International cooperation has been recognized as a key in the fight against corruption in general and corruption relating to wildlife crime in particular. In order to create a legal basis for international anti-corruption efforts, the United Nations adopted the Convention against Corruption on October 31, 2003. Vietnam became an official State Party to the Convention on August 19, 2009. This article analyzes the Convention’s provisions and Vietnam’s regulations on international cooperation in the fight against corruption, especially those concerning the wildlife, and puts forward some recommendations for making them more compatible with the United Nations Convention against Corruption.

Do Thu Huyen, Ph.D.

Government Inspectorate of Vietnam

International cooperation within the framework of the United Nations Convention against Corruption

The United Nations Convention against Corruption (the Convention or UNCAC), the first and only legally binding universal anti-corruption convention, devotes a whole chapter, Chapter IV, to regulating “international cooperation”, stipulating that “Where appropriate and consistent with their domestic legal system, States Parties shall consider assisting each other in investigations of and proceedings in civil and administrative matters relating to corruption” (Article 43.1). Mutual legal assistance, extradition and recovery of proceeds from corruption are common forms of international cooperation where States Parties need to support one another in the process of investigation, prosecution, adjudication and judgment enforcement of transnational corruption cases.

Mutual legal assistance in the fight against corruption

The UNCAC stipulates: “States Parties shall afford one another the widest measure of mutual legal assistance in investigations, prosecutions and judicial proceedings in relation to the offenses covered by this Convention” (Article 46.1). Mutual legal assistance is considered a formal form of cooperation in which judicial agencies of different countries support one another in the settlement of criminal cases involving foreign elements with or without treaties serving as a legal basis for cooperation activities.
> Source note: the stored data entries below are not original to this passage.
(* Square matrices agreeing on all column vectors are equal; this turns the
   module-level compatibilities of the G-action into matrix identities. *)
Lemma mx_col_ext (R : pzSemiRingType) (n : nat) (X Y : 'M[R]_n) :
  (forall w : 'cV[R]_n, X *m w = Y *m w) -> X = Y.
Proof.
move=> XY; apply/matrixP => i j.
by have /matrixP/(_ i 0) := XY (delta_mx j 0); rewrite -!colE !mxE.
Qed.

Lemma commute_N_shape (R : pzSemiRingType) (M : 'M[R]_2) :
  delta_mx 1 0 *m M = M *m delta_mx 1 0 -> M 0 1 = 0 /\ M 1 1 = M 0 0.
Proof.
move=> /matrixP NM; have := NM 0 0; have := NM 1 0.
by rewrite !delta_mulmx_entry !mulmx_delta_entry /= !mulr1n mulr0n => -> <-.
Qed.

Lemma diag_twist_entry (R : pzSemiRingType) (n : nat) (d : 'rV[R]_n) (M N : 'M[R]_n) :
  diag_mx d *m M = N *m diag_mx d -> forall i j, d 0 i * M i j = N i j * d 0 j.
Proof. by rewrite mul_diag_mx mul_mx_diag => /matrixP MN i j; have := MN i j; rewrite !mxE. Qed.

Section SemilinearScalar.
Variables (E : idomainType) (f p : nat) (d : E).
Hypotheses (f_gt0 : (0 < f)%N) (d_neq0 : d != 0) (p_neq0 : p%:R != 0 :> E)
  (pf_neq1 : p%:R ^+ f != 1 :> E).

Lemma semilinear_scalar (M : 'I_f -> 'M[E]_2) :
  (forall t, delta_mx 1 0 *m M t = M t *m delta_mx 1 0) ->
  (forall t, diag_mx (line (p%:R * d) d) *m M (ordS t)
               = M t *m diag_mx (line (p%:R * d) d)) ->
  forall t, M t = (M (Ordinal f_gt0) 0 0)%:M.
Proof.
move=> MN Mphi.
have pd_neq0 : p%:R * d != 0 by rewrite mulf_neq0.
have diag00 t : M (ordS t) 0 0 = M t 0 0.
  apply: (mulfI pd_neq0); have := diag_twist_entry (Mphi t) 0 0.
  by rewrite !mxE /= => ->; rewrite mulrC.
have low10 t : M (ordS t) 1 0 = p%:R * M t 1 0.
  apply: (mulfI d_neq0); have := diag_twist_entry (Mphi t) 1 0; rewrite !mxE /= => ->.
  by rewrite mulrCA mulrA [d * _]mulrC -mulrA mulrCA.
have low10_0 := twisted_shift_zero p_neq0 pf_neq1 low10.
move=> t; have [up01 diag11] := commute_N_shape (MN t).
apply/matrixP => i j; rewrite !mxE -(ordS_const f_gt0 diag00 t).
by case: (ord2 i) => ->; case: (ord2 j) => -> /=; rewrite ?up01 ?low10_0 ?diag11 ?mulr1n ?mulr0n.
Qed.

End SemilinearScalar.

Lemma char0_prime_facts (E : fieldType) (p f : nat) :
  [pchar E] =i pred0 -> prime p -> (0 < f)%N ->
  p%:R != 0 :> E /\ p%:R ^+ f != 1 :> E.
Proof.
move=> /pcharf0P natr_eq0 p_prime f_gt0; split; first by rewrite natr_eq0 -lt0n prime_gt0.
have pf_gt1 : (1 < p ^ f)%N by rewrite -{1}(expn0 p) ltn_exp2l ?prime_gt1.
rewrite -natrX -subr_eq0 -[X in _ - X]/(1%:R) -natrB ?(ltnW pf_gt1) //.
by rewrite natr_eq0 subn_eq0 -ltnNge.
Qed.

Section GaloisAction.
Variables (p : nat) (E : fieldType) (G : finGroupType) (f e : nat)
  (act : G -> 'I_f -> 'I_f) (actm : G -> 'I_(e * f) -> 'I_(e * f))
  (gA : G -> 'I_f -> 'M[E]_2) (delta : E) (Fil : int -> 'I_(e * f) -> 'M[E]_2).
Hypotheses (f_gt0 : (0 < f)%N) (delta_neq0 : delta != 0) (p_neq0 : p%:R != 0 :> E)
  (pf_neq1 : p%:R ^+ f != 1 :> E)
  (G_ok : Gaction_ok act actm gA (@phi_diag E f p delta) (@N_std E f) Fil).

Lemma Gaction_scalar g t : gA g t = (gA g (Ordinal f_gt0) 0 0)%:M.
Proof.
have [_ _ [_ _ g_phi g_N _]] := G_ok.
apply: (semilinear_scalar f_gt0 delta_neq0 p_neq0 pf_neq1) => {}t.
- apply: mx_col_ext => w; have := g_N g (fun=> w) t.
  by rewrite /lin_op /semi_op !mulmxA !N_stdE.
- apply: mx_col_ext => w; have := g_phi g (fun=> w) t.
  by rewrite /phi_op /semi_op !mulmxA !phi_diagE.
Qed.

Lemma Gaction_character : exists chi : G -> E,
  [/\ forall g, chi g != 0,
      forall g h, chi (g * h)%g = chi g * chi h &
      forall g t, gA g t = (chi g)%:M].
Proof.
have [_ _ [g_1 g_M _ _ _]] := G_ok; pose t0 := Ordinal f_gt0.
exists (fun g => gA g t0 0 0).
have chi1 : gA 1%g t0 0 0 = 1.
  suff -> : gA 1%g t0 = 1%:M by rewrite mxE.
  by apply: mx_col_ext => w; have := g_1 (fun=> w) t0; rewrite /semi_op mul1mx.
have chiM g h : gA (g * h)%g t0 0 0 = gA g t0 0 0 * gA h t0 0 0.
  have : gA (g * h)%g t0 = gA g t0 *m gA h (act g t0).
    by apply: mx_col_ext => w; have := g_M g h (fun=> w) t0; rewrite /semi_op mulmxA.
  by rewrite [gA h _]Gaction_scalar [gA g _]Gaction_scalar -scalar_mxM => ->; rewrite !mxE.
split=> // [g|]; last exact: Gaction_scalar.
by apply: contra_eq_neq (chiM g g^-1%g) => ->; rewrite mulgV chi1 mul0r oner_neq0.
Qed.

End GaloisAction.

Section NewtonNumbers.
Variables (E : fieldType) (vp : E -> rat) (f e p : nat) (delta : E).
Hypotheses (vpM : forall a b : E, a != 0 -> b != 0 -> vp (a * b) = vp a + vp b)
  (delta_neq0 : delta != 0) (p_neq0 : p%:R != 0 :> E).
Local Notation phiA := (@phi_diag E f p delta).

(* On a line spanned by b_t = (0, beta_t), phi acts through delta. *)
Lemma tN_line (B : 'I_f -> 'rV[E]_2) (A : 'I_f -> 'M[E]_1) :
  (forall t, B t 0 1 != 0) -> phi_matrix phiA B A -> tN vp e A = (e * f)%:R * vp delta.
Proof.
move=> B_neq0 BA; rewrite /tN.
have cocycle t : \det (A t) * B t 0 1 = B (ordS t) 0 1 * delta.
  have /matrixP/(_ 0 1) := BA t; rewrite det_mx11 phi_diagE tr_diag_mx mul_mx_diag.
  by rewrite !mxE big_ord1 !mxE => ->.
by rewrite (prod_cocycle B_neq0 cocycle) (vpX vpM) // -[_ *+ f]mulr_natl mulrA -natrM.
Qed.

Lemma tN_full (B A : 'I_f -> 'M[E]_2) :
  (forall t, row_free (B t)) -> phi_matrix phiA B A ->
  tN vp e A = (e * f)%:R * (vp p%:R + vp delta *+ 2).
Proof.
move=> B_free BA; rewrite /tN.
have detB_neq0 t : \det (B t) != 0 by rewrite -unitfE -unitmxE -row_free_unit.
have cocycle t : \det (A t) * \det (B t) = \det (B (ordS t)) * (p%:R * delta * delta).
  have := congr1 determinant (BA t); rewrite !det_mulmx !det_tr phi_diagE det_diag.
  by rewrite !big_ord_recl big_ord0 !mxE /= mulr1 => ->.
rewrite (prod_cocycle detB_neq0 cocycle) (vpX vpM) ?mulf_neq0 //.
by rewrite !vpM ?mulf_neq0 // mulr2n addrA -[_ *+ f]mulr_natl mulrA -natrM.
Qed.

Lemma N_stable_line (B : 'rV[E]_2) :
  row_free B -> (B *m (delta_mx 1 0)^T <= B)%MS -> B 0 0 = 0 /\ B 0 1 != 0.
Proof.
move=> B_free; rewrite trmx_delta => /sub_rVP[c /matrixP BN].
have B_neq0 : B != 0 by move: B_free; rewrite /row_free rank_rV; case: (B != 0).
have e00 := BN 0 0; have e01 := BN 0 1.
rewrite !mulmx_delta_entry !mxE /= ?mulr0n ?mulr1n in e00 e01.
have B00 : B 0 0 = 0.
  move/esym/eqP: e00; rewrite mulf_eq0 => /orP[/eqP c0 | /eqP //].
  by rewrite e01 c0 mul0r.
split=> //; apply: contraNneq B_neq0 => B01; apply/eqP/matrixP => i j.
by rewrite (ord1 i) mxE; case: (ord2 j) => ->.
Qed.

Lemma submodule_shape (V : 'I_f -> 'M[E]_2) (r : nat) (B : 'I_f -> 'M[E]_(r, 2))
  (A : 'I_f -> 'M[E]_r) :
  (0 < f)%N -> lin_stable (@N_std E f) V -> is_basis V B -> phi_matrix phiA B A ->
  [\/ [/\ forall t, \rank (V t) = 0%N & tN vp e A = 0],
      [/\ forall t, (V t == eta2)%MS & tN vp e A = (e * f)%:R * vp delta]
    | [/\ forall t, (V t == 1%:M)%MS
        & tN vp e A = (e * f)%:R * (vp p%:R + vp delta *+ 2)]].
Proof.
move=> f_gt0 V_N BV BA.
have rank_V t : \rank (V t) = r.
  by have [B_free BeqV] := BV t; rewrite -(eqmx_rank BeqV); apply/eqP.
have r_le2 : (r <= 2)%N by rewrite -(rank_V (Ordinal f_gt0)) rank_leq_col.
case: r B A BV BA rank_V r_le2 => [|[|[|//]]] B A BV BA rank_V _.
- apply: Or31; split=> //; rewrite /tN big1 ?(vp1 vpM) ?mulr0 // => t _.
  exact: det_mx00.
- have B_line t : B t 0 0 = 0 /\ B t 0 1 != 0.
    have [B_free /andP[BsubV VsubB]] := BV t.
    apply: N_stable_line B_free _; rewrite -(N_stdE E t).
    exact: submx_trans (submxMr _ BsubV) (submx_trans (V_N t) VsubB).
  apply: Or32; split=> [t|]; last by apply: tN_line BA => t; have [] := B_line t.
  have [B00 B01] := B_line t; have [_ BeqV] := BV t.
  apply/eqmxP; apply: eqmx_trans (eqmx_sym (eqmxP BeqV)) _.
  suff -> : B t = B t 0 1 *: eta2 by apply: eqmx_scale.
  apply/matrixP => i j; rewrite (ord1 i) !mxE.
  by case: (ord2 j) => -> /=; rewrite ?B00 ?mulr0 ?mulr1.
- apply: Or33; split=> [t|]; last by apply: tN_full BA => t; have [] := BV t.
  by apply/andP; rewrite submx1 sub1mx /row_full rank_V.
Qed.

End NewtonNumbers.

Section Theorem11.
Variables (p : nat) (E : fieldType) (vp : E -> rat) (G : finGroupType) (f e : nat)
  (act : G -> 'I_f -> 'I_f) (gA : G -> 'I_f -> 'M[E]_2) (chi : G -> E) (delta : E)
  (x y : 'I_(e * f) -> E) (k : 'I_(e * f) -> int).
Hypotheses (vpM : forall a b : E, a != 0 -> b != 0 -> vp (a * b) = vp a + vp b)
  (vp_p : vp p%:R = 1) (f_gt0 : (0 < f)%N) (p_neq0 : p%:R != 0 :> E)
  (delta_neq0 : delta != 0) (xy_neq0 : forall s, (x s != 0) || (y s != 0))
  (k_ge0 : forall s, 0 <= k s) (gA_chi : forall g t, gA g t = (chi g)%:M).

Local Notation phiA := (@phi_diag E f p delta).
Local Notation NA := (@N_std E f).
Local Notation Fil := (Fil_xy x y k).
Local Notation n := (kbound k).
Local Notation ef := (e * f)%N.
Local Notation WA := (weakly_admissible vp phiA NA Fil 0 n).
Local Notation tH_sub V := (tH (induced V Fil) 0 n).
Local Notation sum_k := ((\sum_(i < ef) k i)%:~R : rat).
Local Notation sum_k0 := ((\sum_(i < ef | x i == 0) k i)%:~R : rat).

Lemma full_slope :
  ef%:R * (vp p%:R + vp delta *+ 2) = (2 * ef)%:R * vp delta + ef%:R.
Proof. by rewrite vp_p mulrDr mulr1 addrC -[_ *+ 2]mulr_natl mulrA -natrM [(_ * 2)%N]mulnC. Qed.

Lemma tN_D : tN vp e phiA = (2 * ef)%:R * vp delta + ef%:R.
Proof.
rewrite (tN_full e vpM delta_neq0 p_neq0 (B := fun=> 1%:M)) ?full_slope // => t.
- by rewrite row_free_unit unitmx1.
- by rewrite mul1mx mulmx1.
Qed.

Lemma submodule_numbers (V : 'I_f -> 'M[E]_2) (r : nat) (B : 'I_f -> 'M[E]_(r, 2))
  (A : 'I_f -> 'M[E]_r) :
  lin_stable NA V -> is_basis V B -> phi_matrix phiA B A ->
  [\/ [/\ forall t, \rank (V t) = 0%N, tH_sub V = 0 & tN vp e A = 0],
      [/\ forall t, (V t == eta2)%MS, tH_sub V = \sum_(s | x s == 0) k s
        & tN vp e A = ef%:R * vp delta]
    | [/\ forall t, (V t == 1%:M)%MS, tH_sub V = \sum_s k s
        & tN vp e A = (2 * ef)%:R * vp delta + ef%:R]].
Proof.
move=> V_N BV BA.
have [[V0 tN0] | [V_eta2 tN1] | [V_full tN2]] :=
  submodule_shape e vpM delta_neq0 p_neq0 f_gt0 V_N BV BA.
- by apply: Or31; rewrite tH_induced_zero.
- by apply: Or32; rewrite tH_induced_eta2.
- by apply: Or33; rewrite tH_induced_full // tN2 full_slope.
Qed.

Lemma D2_eta2 t : (@D2 E f t == eta2)%MS.
Proof. by apply/andP; split; apply/submxP; exists (delta_mx 0 0); rewrite mul_delta_mx. Qed.

Lemma D2_basis : is_basis (@D2 E f) (fun=> eta2).
Proof.
move=> t; split; first by rewrite /row_free mxrank_delta.
by have /andP[D2_eta eta_D2] := D2_eta2 t; apply/andP.
Qed.

Lemma D2_phi_matrix : phi_matrix phiA (fun=> eta2) (fun=> delta%:M).
Proof.
move=> t; rewrite tr_scalar_mx mul_scalar_mx phi_diagE tr_diag_mx mul_mx_diag.
apply/matrixP => i j; rewrite !mxE (ord1 i).
by case: (ord2 j) => -> /=; rewrite ?mul0r ?mulr0 ?mul1r ?mulr1.
Qed.

Lemma tN_D2 : tN vp e (fun _ : 'I_f => delta%:M : 'M[E]_1) = ef%:R * vp delta.
Proof.
apply: (tN_line e (p := p) vpM delta_neq0 (B := fun=> eta2)); last exact: D2_phi_matrix.
by move=> t; rewrite mxE oner_neq0.
Qed.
The scope of mutual legal assistance specified in Article 46.3 of the Convention is relatively comprehensive, covering taking evidence or statements from persons; effecting service of judicial documents; executing searches and seizures, and freezing; examining objects and sites; providing information, evidentiary items and expert evaluations; providing originals or certified copies of relevant documents and records; identifying or tracing proceeds of crime, property, instrumentalities or other things for evidentiary purposes; facilitating the voluntary appearance of persons in the requesting State Party; any other type of assistance that is not contrary to the domestic law of the requested State Party; and identifying, freezing and tracing proceeds of crime. The UNCAC also lists the cases in which States Parties may not refuse a request for mutual legal assistance on the sole ground that the offense is also considered to involve fiscal matters (Article 46.22).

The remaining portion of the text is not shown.